If activation of the DLPFC results in reduced processing of arousing stimuli, this should also be evident in the LPP. One study demonstrated that direct stimulation of the DLPFC reduces the LPP. Hajcak and colleagues measured the LPP in five treatment-resistant depressed patients who had epidural stimulators implanted above Brodmann’s areas (BAs) 10 (i.e., frontopolar cortex) and 46 (i.e., DLPFC; Hajcak, Anderson, et al., 2010a). Participants, who were blind to activation condition, had smaller LPPs to aversive pictures when BA 46 was stimulated at 4 V, as compared with a sham condition. The LPP elicited by aversive pictures was not reduced when BA 10 was stimulated, in line with the notion that the DLPFC is involved in the down-regulation of the response to arousing stimuli.

Prior work suggests that distracting tasks may reduce the LPP elicited by task-irrelevant pictures. Participants performed a target detection task or a working memory task while simultaneously viewing emotional or neutral pictures presented in the background (Wangelin, Löw, McTeague, Bradley, & Lang, 2011). The picture-elicited LPP was smaller when participants performed these tasks, as compared with when they passively viewed the pictures. Working memory load was not modulated on a trial-to-trial basis, however, and results were analyzed across both distracting tasks. Therefore, no study to date has examined the effect of functional activation of the DLPFC on the LPP using a task designed to elicit differential levels of DLPFC activation across conditions. Although DLPFC activation was not measured in the present study, working memory load reliably elicits DLPFC activation (D’Esposito et al., 2000), and DLPFC activation increases with the number of items to be held in memory (Manoach et al., 1997). Hence, we reasoned that high-load, as compared with low-load, working memory trials would result in greater increases in DLPFC activation. We predicted that the LPP elicited by aversive pictures would be reduced under high working memory load, as compared with low working memory load (Erk et al., 2007; Van Dillen, Heslenfeld, & Koole, 2009). Conversely, we also predicted that aversive pictures would interfere with performance on the working memory task (Dolcos & McCarthy, 2006; Zanto & Gazzaley, 2009).
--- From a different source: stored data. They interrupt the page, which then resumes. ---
Lemma is_RInt_step c : is_RInt (step c) 0 (1/2) (1/2 - clamp_half c).
Proof.
have clamp_in : 0 <= clamp_half c <= 1/2 by rewrite /clamp_half /Rmax /Rmin; case_Rle_dec; lra.
have below : is_RInt (step c) 0 (clamp_half c) ((clamp_half c - 0) * 0).
  apply: is_RInt_const_on; first lra.
  by move=> t; rewrite /step /clamp_half /Rmax /Rmin; case_Rle_dec; lra.
have above : is_RInt (step c) (clamp_half c) (1/2) ((1/2 - clamp_half c) * 1).
  apply: is_RInt_const_on; first lra.
  by move=> t; rewrite /step /clamp_half /Rmax /Rmin; case_Rle_dec; lra.
by have := is_RInt_Chasles _ _ _ _ _ _ below above; rewrite /plus /=; congr is_RInt; lra.
Qed.

Definition ind (P : Prop) : R := if excluded_middle_informative P then 1 else 0.

Lemma ind_bounds P : 0 <= ind P <= 1.
Proof. by rewrite /ind; case: excluded_middle_informative => _ /=; lra. Qed.

Lemma ind_false (P : Prop) : ~ P -> ind P = 0.
Proof. by rewrite /ind; case: excluded_middle_informative. Qed.

Lemma ind_iff (P Q : Prop) : (P <-> Q) -> ind P = ind Q.
Proof.
rewrite /ind => PQ.
by do 2 case: excluded_middle_informative => //=; [move=> /PQ | move=> q /PQ].
Qed.

Lemma wsetE (V : finType) (w : V -> R) (P : V -> Prop) :
  wset w P = \big[Rplus/0]_(v : V) (w v * ind (P v)).
Proof.
by apply: eq_bigr => v _; rewrite /ind; case: excluded_middle_informative => _ /=; lra.
Qed.

Lemma sum_ind_le (k : nat) (P : 'I_k -> Prop) : \big[Rplus/0]_(l < k) ind (P l) <= INR k.
Proof. by rewrite -sumR_ord_one; apply: sumR_le => l _; case: (@ind_bounds (P l)). Qed.

Lemma sum_ind_le_but (k : nat) (P : 'I_k -> Prop) (i0 : 'I_k) :
  ~ P i0 -> \big[Rplus/0]_(l < k) ind (P l) <= INR k - 1.
Proof.
move=> not_P.
have -> : \big[Rplus/0]_(l < k) ind (P l) = ind (P i0) + \big[Rplus/0]_(l < k | l != i0) ind (P l).
  by rewrite (bigD1 i0).
have -> : INR k = 1 + \big[Rplus/0]_(l < k | l != i0) 1 by rewrite -sumR_ord_one (bigD1 i0).
have : \big[Rplus/0]_(l < k | l != i0) ind (P l) <= \big[Rplus/0]_(l < k | l != i0) 1.
  by apply: sumR_le => l _; case: (@ind_bounds (P l)).
by rewrite ind_false //; lra.
Qed.

Section Window.
Variables (k : nat) (reachable : 'I_k -> Prop) (d : 'I_k -> R) (xv : R) (i0 : 'I_k).
Hypotheses (k_ge2 : (2 <= k)%N) (xv_ge0 : 0 <= xv).
Hypotheses (reachable_i0 : reachable i0) (d_i0_min : forall i, reachable i -> d i0 <= d i).
Hypothesis d_sep : forall i j, i <> j -> reachable i -> reachable j -> 1 <= d i + d j - xv.

(* With d i = d(s_i, v) and xv = x_v, this is v ∈ B^+(s_i, t) (see ball_plusE). *)
Definition in_shell (t : R) (i : 'I_k) : Prop := reachable i /\ d i - xv <= t < d i.

Let m := d i0 - xv.

Definition window (t : R) : R :=
  step m t - step (m + xv) t + step (Rmax m (1 - xv - m)) t.

Lemma in_shell_window t i : t < 1/2 -> in_shell t i -> m <= t < m + xv.
Proof.
move=> t_small [ri [lo hi]]; have := d_i0_min ri; rewrite /m; split; first lra.
have [<-|i_i0] := classic (i = i0); first lra.
by have := d_sep i_i0 ri reachable_i0; lra.
Qed.

Lemma in_other_shell_window t j : j <> i0 -> in_shell t j -> Rmax m (1 - xv - m) <= t.
Proof.
move=> j_i0 [rj [lo _]]; have := d_i0_min rj; have := d_sep j_i0 rj reachable_i0.
by rewrite /m /Rmax; case_Rle_dec; lra.
Qed.

Lemma count_in_shell_le t : t < 1/2 ->
  \big[Rplus/0]_(l < k) ind (exists i, i <> l /\ in_shell t i) <= (INR k - 1) * window t.
Proof.
move=> t_small; have k2 : 2 <= INR k by apply: (le_INR 2); apply/leP.
have [[i i_in]|no_shell] := classic (exists i, in_shell t i); last first.
  rewrite big1 => [|l _]; last by apply: ind_false => [[i [_ ?]]]; apply: no_shell; exists i.
  have := @step_le _ _ t (Rplus_le_compat_l m _ _ xv_ge0); rewrite Rplus_0_r.
  by have := @step_ge0 (Rmax m (1 - xv - m)) t; rewrite /window; nra.
have [lo hi] := in_shell_window t_small i_in; rewrite /window.
have -> : step m t = 1 by rewrite /step; case_Rle_dec; lra.
have -> : step (m + xv) t = 0 by rewrite /step; case_Rle_dec; lra.
have [[j [j_i0 j_in]]|only_i0] := classic (exists j, j <> i0 /\ in_shell t j).
  have -> : step (Rmax m (1 - xv - m)) t = 1.
    by have := in_other_shell_window j_i0 j_in; rewrite /step; case_Rle_dec; lra.
  by have := sum_ind_le (fun l => exists i, i <> l /\ in_shell t i); lra.
have := @step_ge0 (Rmax m (1 - xv - m)) t.
have := sum_ind_le_but (P := fun l => exists i, i <> l /\ in_shell t i) (i0 := i0) only_i0.
nra.
Qed.

(* If m + xv <= 1/2 the ray [max(m, 1 - xv - m), +oo) misses (0, 1/2);
   otherwise it meets it in length at most m + xv - 1/2, and [m, m + xv) in
   length at most 1/2 - m. *)
Lemma window_mass_le : exists2 I, is_RInt window 0 (1/2) I & I <= xv.
Proof.
eexists.
  apply: is_RInt_ext (is_RInt_plus _ _ _ _ _ _
    (is_RInt_minus _ _ _ _ _ _ (@is_RInt_step m) (@is_RInt_step (m + xv)))
    (@is_RInt_step (Rmax m (1 - xv - m)))) => t _ //.
by rewrite /plus /minus /plus /opp /= /clamp_half /Rmax /Rmin; case_Rle_dec; lra.
Qed.

End Window.

Section CutWeight.
Variables (V : finType) (adj : rel V) (k : nat) (s : 'I_k -> V) (w x : V -> R).
Hypotheses (adj_sym : symmetric adj) (k_ge2 : (2 <= k)%N) (w_ge0 : forall v, 0 <= w v).
Hypothesis x_feasible : node_mc_feasible adj s x.

Let x_ge0 : forall v, 0 <= x v. Proof. by case: x_feasible. Qed.
Let x_terminal : forall i, x (s i) = 0. Proof. by case: x_feasible => _ []. Qed.

Let d i v := pdist adj x (s i) v.
Let reachable v i := reach adj (s i) v.

Lemma pdist_terminal_sep v i j : i <> j -> reachable v i -> reachable v j ->
  1 <= d i v + d j v - x v.
Proof.
have [_ [_ sep]] := x_feasible; rewrite /d => i_j vi vj.
have [ij|ji|ij] := ltngtP i j; last by case: i_j; apply: val_inj.
- exact: (pdist_glue x_ge0 adj_sym (sep _ _ ij) vi vj).
- by have := pdist_glue x_ge0 adj_sym (sep _ _ ji) vj vi; lra.
Qed.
A secondary aim of the present study was to examine the role of individual differences in state anxiety on the processing of aversive and neutral pictures under working memory load. Anxiety has been linked to the decreased recruitment of the DLPFC during a demanding task involving aversive distractors (Bishop, Duncan, Brett, & Lawrence, 2004a)—a factor that may explain why state anxiety is associated with the increased processing of task-irrelevant and arousing stimuli (Bishop, Duncan, & Lawrence, 2004b; MacNamara & Hajcak, 2009). Hence, we reasoned that working memory load might result in less modulation of DLPFC activation for anxious individuals, leading to an attenuated effect of load on picture processing. In other words, we predicted that as state anxiety increased, working memory load would have less of an impact on the LPP.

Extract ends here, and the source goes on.